● Assigned task
Please copy each line below that contains the string "sparse".

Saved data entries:
(* Let $(G,k)$ be an instance, let $v$ be a large-sparse vertex, and let $B\subseteq V\setminus\{v\}$ with $|B|\le 2k$ be such that $G-B$ has no cycle passing through $v$. Let $C$ be a connected component of $G-v-B$ that contains a neighbor of $v$, is a tree, and has no vertex adjacent to a vertex of $B$. Then $(G,k)$ is a yes-instance if and only if $(G-V(C),k)$ is a yes-instance.
   Context: Graphs are undirected, without self-loops, possibly with multi-edges. $N(v)$ is the set of vertices adjacent to $v$; $\rho(v)$ is the number of unordered pairs $\{u_1,u_2\}\subseteq N(v)$ joined by at least one edge. A vertex $v$ is large-sparse if $|N(v)|>7k$ and $\rho(v)\le |N(v)|(|N(v)|-1)/4$. A vertex set induces a clique if between any two distinct vertices there is exactly one edge, and a tree if it is connected and acyclic (two parallel edges form a cycle). A feasible solution is $X\subseteq V$, $|X|\le k$, with every component of $G-X$ a clique or a tree; $(G,k)$ is a yes-instance if a feasible solution exists. *)

(* A multigraph on a finite vertex type T is given by a
   vertex set V : {set T} together with an edge-multiplicity function
   m : T -> T -> nat (symmetric, zero on the diagonal: no self-loops).
   Only edges between vertices of V are relevant; the subgraph induced by
   a set S is obtained by restricting attention to S. *)
From mathcomp Require Import all_boot all_order.
Set Implicit Arguments. Unset Strict Implicit. Unset Printing Implicit Defensive.

Section Graphs.
Variable T : finType.
Variable m : T -> T -> nat.

Definition multigraph := (forall x y, m x y = m y x) /\ (forall x, m x x = 0).

Definition adj (x y : T) : bool := 0 < m x y.

Definition nbhd (V : {set T}) (v : T) : {set T} := [set u in V | (u != v) && adj v u].
(* A small category, with composition a total function that is only
   constrained on composable pairs (s(a) = t(b) for a o b). *)
Record category := Category {
  Ob : Type;
  Mor : Type;
  src : Mor -> Ob;
  tgt : Mor -> Ob;
  idm : Ob -> Mor;
  comp : Mor -> Mor -> Mor;          (* comp a b = a o b *)
  src_idm : forall x, src (idm x) = x;
  tgt_idm : forall x, tgt (idm x) = x;
  src_comp : forall a b, src a = tgt b -> src (comp a b) = src b;
  tgt_comp : forall a b, src a = tgt b -> tgt (comp a b) = tgt a;
  comp_idl : forall f, comp (idm (tgt f)) f = f;
  comp_idr : forall f, comp f (idm (src f)) = f;
  comp_assoc : forall a b c, src a = tgt b -> src b = tgt c ->
                 comp a (comp b c) = comp (comp a b) c
}.

Definition equinumerous (A B : Type) : Prop :=
  exists (f : A -> B) (g : B -> A),
    (forall a, g (f a) = a) /\ (forall b, f (g b) = b).

Definition is_equivalence (A : Type) (R : A -> A -> Prop) : Prop :=
  (forall a, R a a) /\ (forall a b, R a b -> R b a) /\
  (forall a b c, R a b -> R b c -> R a c).

(* A partition of mor(C) into nonempty blocks is given by an equivalence
   relation S; the block of f is {h | S f h}. *)
Definition quasi_schemoid (C : category) (S : Mor C -> Mor C -> Prop) : Prop :=
  is_equivalence S /\
  forall (sig tau f g : Mor C), S f g ->
    equinumerous
      {ab : Mor C * Mor C | S sig (fst ab) /\ S tau (snd ab) /\
         src (fst ab) = tgt (snd ab) /\ comp (fst ab) (snd ab) = f}
      {ab : Mor C * Mor C | S sig (fst ab) /\ S tau (snd ab) /\
         src (fst ab) = tgt (snd ab) /\ comp (fst ab) (snd ab) = g}.

Definition finite_mor (C : category) : Prop :=
  exists l : list (Mor C), forall f, In f l.

Definition unital (C : category) (S : Mor C -> Mor C -> Prop) : Prop :=
  forall (x : Ob C) (f : Mor C), S (idm x) f -> exists y, f = idm y.
Lemma mul_bin_bin m j i :
  ('C(m + j + i, m) * 'C(j + i, j) = 'C(m + j + i, m + j) * 'C(m + j, m))%N.
Proof.
apply/eqP; rewrite -(@eqn_pmul2r (m`! * j`! * i`!)) ?muln_gt0 ?fact_gt0 //.
have := @bin_fact (m + (j + i)) m (leq_addr _ _); rewrite addKn addnA => Cmji.
have /[!addKn] Cmj_i := @bin_fact (m + j + i) (m + j) (leq_addr _ _).
have /[!addKn] Cji := @bin_fact (j + i) j (leq_addr _ _).
have /[!addKn] Cmj := @bin_fact (m + j) m (leq_addr _ _).
apply/eqP; transitivity (m + j + i)`!.
  by rewrite -Cmji -Cji; ring.
by rewrite -Cmj_i -Cmj; ring.
Qed.

Lemma odd_coprime_sqr_pred n p : prime p -> (2 < p)%N -> coprime n (p ^ 2 - 1) -> odd n.
Proof.
move=> p_pr p_gt2 cop_n; apply/negPn/negP => even_n.
have p_odd : odd p by case: (even_prime p_pr) => // p2; rewrite p2 in p_gt2.
have even_p2 : (2 %| p ^ 2 - 1)%N by rewrite dvdn2 oddB ?expn_gt0 ?prime_gt0 // oddX p_odd.
have two_dvd_n : (2 %| n)%N by rewrite dvdn2.
by have := coprime_dvdr even_p2 (coprime_dvdl two_dvd_n cop_n).
Qed.

Local Open Scope ring_scope.

Lemma PoszX p k : (p ^ k)%:Z = p%:Z ^+ k.
Proof. by rewrite -natz natrX natz. Qed.

Lemma dvdz_pfactor_cancel p c e M (a : int) : prime p -> (0 < M)%N ->
  (logn p M <= e)%N -> ((p%:Z) ^+ (c + e) %| a * M%:Z)%Z -> ((p%:Z) ^+ c %| a)%Z.
Proof.
move=> p_pr M_gt0 le_e; rewrite !dvdzE !abszX abszM !absz_nat.
have [-> | a_gt0] := posnP `|a|%N; first by rewrite dvdn0.
rewrite !pfactor_dvdn ?muln_gt0 ?a_gt0 // lognM //; lia.
Qed.
(* Let $n\ge 1$, $m\ge 1$, and let $\lambda=(\lambda_1,\ldots,\lambda_n)\in\mathbb{R}_{<0}^n$ (not necessarily distinct). Consider the $n$-th order linear system $$x^{(n)}=-\kappa_{0,\lambda}x^{(0)}-\kappa_{1,\lambda}x^{(1)}-\cdots-\kappa_{n-1,\lambda}x^{(n-1)},\qquad x(t)\in\mathbb{R}^m,$$ whose characteristic polynomial $s^n+\sum_{k=0}^{n-1}\kappa_{k,\lambda}s^k$ has roots $\lambda_1,\ldots,\lambda_n$. Let $x(t)$ be its solution starting at $t=0$ from an arbitrary initial state $(x^{(0)}_0,\ldots,x^{(n-1)}_0)\in\mathbb{R}^{n\times m}$. Let $\lambda_{\neg\max}$ be the $(n-1)$-tuple obtained from $\lambda$ by removing one entry equal to $\max(\lambda_1,\ldots,\lambda_n)$. Then for all $t\ge 0$, $$x(t)\in\operatorname{conv}\left\{\sum_{j=0}^{i-1}\frac{\kappa_{j,\lambda_{\neg\max}}}{\kappa_{0,\lambda_{\neg\max}}}x^{(j)}_0 \;:\; i=0,1,\ldots,n\right\},$$ i.e. $x(t)$ lies in the convex hull of $0,\ x^{(0)}_0,\ x^{(0)}_0+\frac{\kappa_{1,\lambda_{\neg\max}}}{\kappa_{0,\lambda_{\neg\max}}}x^{(1)}_0,\ \ldots,\ \sum_{j=0}^{n-1}\frac{\kappa_{j,\lambda_{\neg\max}}}{\kappa_{0,\lambda_{\neg\max}}}x^{(j)}_0$.
   Context: $x^{(k)}$ denotes the $k$-th time derivative of $x$. For a finite tuple $\mu=(\mu_1,\ldots,\mu_p)$ of complex numbers (possibly empty, $p=0$), the companion coefficients are $\kappa_{k,\mu}=(-1)^{p-k}\sum_{I\subseteq\{1,\ldots,p\},\,|I|=p-k}\prod_{i\in I}\mu_i$ for $0\le k\le p$ (empty sum $=0$, empty product $=1$), so that $\prod_{i=1}^p(s-\mu_i)=\sum_{k=0}^{p}\kappa_{k,\mu}s^k$ and $\kappa_{p,\mu}=1$; also $\kappa_{k,\mu}=0$ for $k\notin\{0,\ldots,p\}$. An empty sum of vectors is $0$. $\operatorname{conv}$ denotes convex hull. *)

From HB Require Import structures.
From mathcomp Require Import all_boot all_order all_algebra.
From mathcomp Require Import all_classical all_reals all_analysis.
Set Implicit Arguments. Unset Strict Implicit. Unset Printing Implicit Defensive.
Import Order.TTheory GRing.Theory Num.Theory.
Local Open Scope ring_scope.
(* Let $u,v$ be sufficiently large positive real numbers such that $v^{9/10}\le u\le2v$. Let $t>1$ be a real number that is not an integer expressible as a sum of two squares, such that $|u-t|\le v^{1/3}$. Then \[ \sum_{m:\,|m-u|>v^{1/2}}r(m)\Big(\frac1{m-t}-\frac{m}{m^2+1}\Big)=-\pi\log t+O(1). \]
   Context: $r(m)=\#\{(a,b)\in\mathbb Z^2:a^2+b^2=m\}$; the sum is over integers $m\ge1$. *)

From Stdlib Require Import Reals ZArith List.
From Coquelicot Require Import Coquelicot.
Open Scope R_scope.

Definition zrange (N : nat) : list Z :=
  map (fun k => (Z.of_nat k - Z.of_nat N)%Z) (seq 0 (2 * N + 1)).

(* r(m) = #{(a,b) in Z^2 : a^2 + b^2 = m}.  Any solution has |a|,|b| <= m,
   so it suffices to enumerate pairs in [-m,m]^2. *)
Definition r2 (m : nat) : nat :=
  length (filter (fun p : Z * Z => Z.eqb (fst p * fst p + snd p * snd p) (Z.of_nat m))
                 (list_prod (zrange m) (zrange m))).

Definition term (u v t : R) (m : nat) : R :=
  if Nat.ltb 0 m then
    if Rlt_dec (sqrt v) (Rabs (INR m - u)) then
      INR (r2 m) * (1 / (INR m - t) - INR m / (INR m ^ 2 + 1))
    else 0
  else 0.

From Stdlib Require Import Reals ZArith List Lia Lra.
From Coquelicot Require Import Coquelicot.
Open Scope R_scope.

(* Write [f_t(m) = 1/(m - t) - m/(m^2 + 1)] and [R(N) = sum_(1 <= m <= N) r(m)].
   Counting the lattice points of a disc column by column and comparing with the
   area integral of [sqrt (1 - y^2)] gives Gauss's bound [|R(N) - pi N| <= 8 sqrt N].
   Abel summation then replaces [r(m)] by [pi] on each of the two ranges
   [1 <= m <= L < u - sqrt v] and [u + sqrt v < H <= m <= N], at a cost controlled by
   [sqrt m |f_t(m)|] and [sum sqrt m |f_t(m+1) - f_t(m)|]; these are [O(1)] because
   [|m - t| >= 3/4 sqrt v] while [m = O(v)] on both ranges.  The sums of [f_t] are
   logarithms up to [O(1)]: together they give
   [ln((t - L)/(H - t)) + ln((N + 1 - t)/(N + 1)) + ln(H/(L + 1)) - ln t], and each of the
   three ratios is bounded.  The terms are positive for [m > t], so the bounded partial
   sums converge. *)

(** * Lattice points in a disc *)

Fixpoint nsum (G : nat -> nat) (n : nat) : nat :=
  match n with O => O | S k => (nsum G k + G k)%nat end.

Lemma nsum_ext F G n : (forall k, (k < n)%nat -> F k = G k) -> nsum F n = nsum G n.
Proof. induction n; intros H; simpl; auto; rewrite IHn, H; auto. Qed.

Lemma nsum_add F G n : nsum (fun k => F k + G k)%nat n = (nsum F n + nsum G n)%nat.
Proof. induction n; simpl; lia. Qed.

Lemma nsum_shift F n : nsum F (S n) = (F O + nsum (fun k => F (S k)) n)%nat.
Proof. induction n; simpl in *; lia. Qed.

Definition zsum (N : nat) (F : Z -> nat) : nat := list_sum (map F (zrange N)).

Lemma zrange_S N :
  zrange (S N) = (- Z.of_nat (S N) :: zrange N ++ Z.of_nat (S N) :: nil)%Z%list.
Proof.
  unfold zrange.
  replace (2 * S N + 1)%nat with (S (S (2 * N + 1))) by lia.
  rewrite seq_S; cbn [seq]; rewrite <- seq_shift, map_app; cbn [map app]; rewrite map_map.
  f_equal; f_equal; [apply map_ext; intros; lia | f_equal; lia].
Qed.

Lemma zsum_0 F : zsum 0 F = F 0%Z.
Proof. unfold zsum; simpl; lia. Qed.

Lemma zsum_S N F :
  zsum (S N) F = (F (- Z.of_nat (S N))%Z + zsum N F + F (Z.of_nat (S N)))%nat.
Proof. unfold zsum; rewrite zrange_S; simpl; rewrite map_app, list_sum_app; simpl; lia. Qed.

Lemma zsum_ext N F G : (forall z, F z = G z) -> zsum N F = zsum N G.
Proof. intros H; unfold zsum; f_equal; apply map_ext, H. Qed.

Lemma zsum_add N F G : zsum N (fun z => F z + G z)%nat = (zsum N F + zsum N G)%nat.
Proof. induction N; [rewrite !zsum_0 | rewrite !zsum_S]; lia. Qed.

Lemma zsum_zero N : zsum N (fun _ => O) = O.
Proof. induction N; [rewrite zsum_0 | rewrite zsum_S]; lia. Qed.

Lemma zsum_widen M N F : (M <= N)%nat ->
  (forall z, (Z.of_nat M < Z.abs z)%Z -> F z = O) -> zsum N F = zsum M F.
Proof.
  intros HMN HF; induction HMN as [|N HMN IH]; [reflexivity|].
  rewrite zsum_S, IH, !HF; lia.
Qed.

Lemma zsum_even N F : (forall z, F (- z)%Z = F z) ->
  zsum N F = (F 0%Z + 2 * nsum (fun k => F (Z.of_nat (S k))) N)%nat.
Proof.
  intros HF; induction N; [rewrite zsum_0; simpl; lia|].
  rewrite zsum_S, HF, IHN; cbn [nsum]; lia.
Qed.

Lemma nsum_zsum_comm N K (F : nat -> Z -> nat) :
  nsum (fun m => zsum N (F m)) K = zsum N (fun z => nsum (fun m => F m z) K).
Proof.
  induction K; simpl; [symmetry; apply zsum_zero|].
  rewrite IHK, <- zsum_add; reflexivity.
Qed.

Lemma nsum_indicator_eq (x : Z) K : (0 <= x)%Z ->
  nsum (fun m => if Z.eqb x (Z.of_nat m) then 1%nat else 0%nat) K =
  if Z.ltb x (Z.of_nat K) then 1%nat else 0%nat.
Proof.
  intros Hx; induction K; cbn [nsum]; [destruct (Z.ltb_spec x (Z.of_nat 0)); lia|].
  rewrite IHK.
  destruct (Z.ltb_spec x (Z.of_nat K)), (Z.eqb_spec x (Z.of_nat K)),
    (Z.ltb_spec x (Z.of_nat (S K))); lia.
Qed.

● Written answer
(* Let $(G,k)$ be an instance, let $v$ be a large-sparse vertex, and let $B\subseteq V\setminus\{v\}$ with $|B|\le 2k$ be such that $G-B$ has no cycle passing through $v$. Let $C$ be a connected component of $G-v-B$ that contains a neighbor of $v$, is a tree, and has no vertex adjacent to a vertex of $B$. Then $(G,k)$ is a yes-instance if and only if $(G-V(C),k)$ is a yes-instance.
   Context: Graphs are undirected, without self-loops, possibly with multi-edges. $N(v)$ is the set of vertices adjacent to $v$; $\rho(v)$ is the number of unordered pairs $\{u_1,u_2\}\subseteq N(v)$ joined by at least one edge. A vertex $v$ is large-sparse if $|N(v)|>7k$ and $\rho(v)\le |N(v)|(|N(v)|-1)/4$. A vertex set induces a clique if between any two distinct vertices there is exactly one edge, and a tree if it is connected and acyclic (two parallel edges form a cycle). A feasible solution is $X\subseteq V$, $|X|\le k$, with every component of $G-X$ a clique or a tree; $(G,k)$ is a yes-instance if a feasible solution exists. *)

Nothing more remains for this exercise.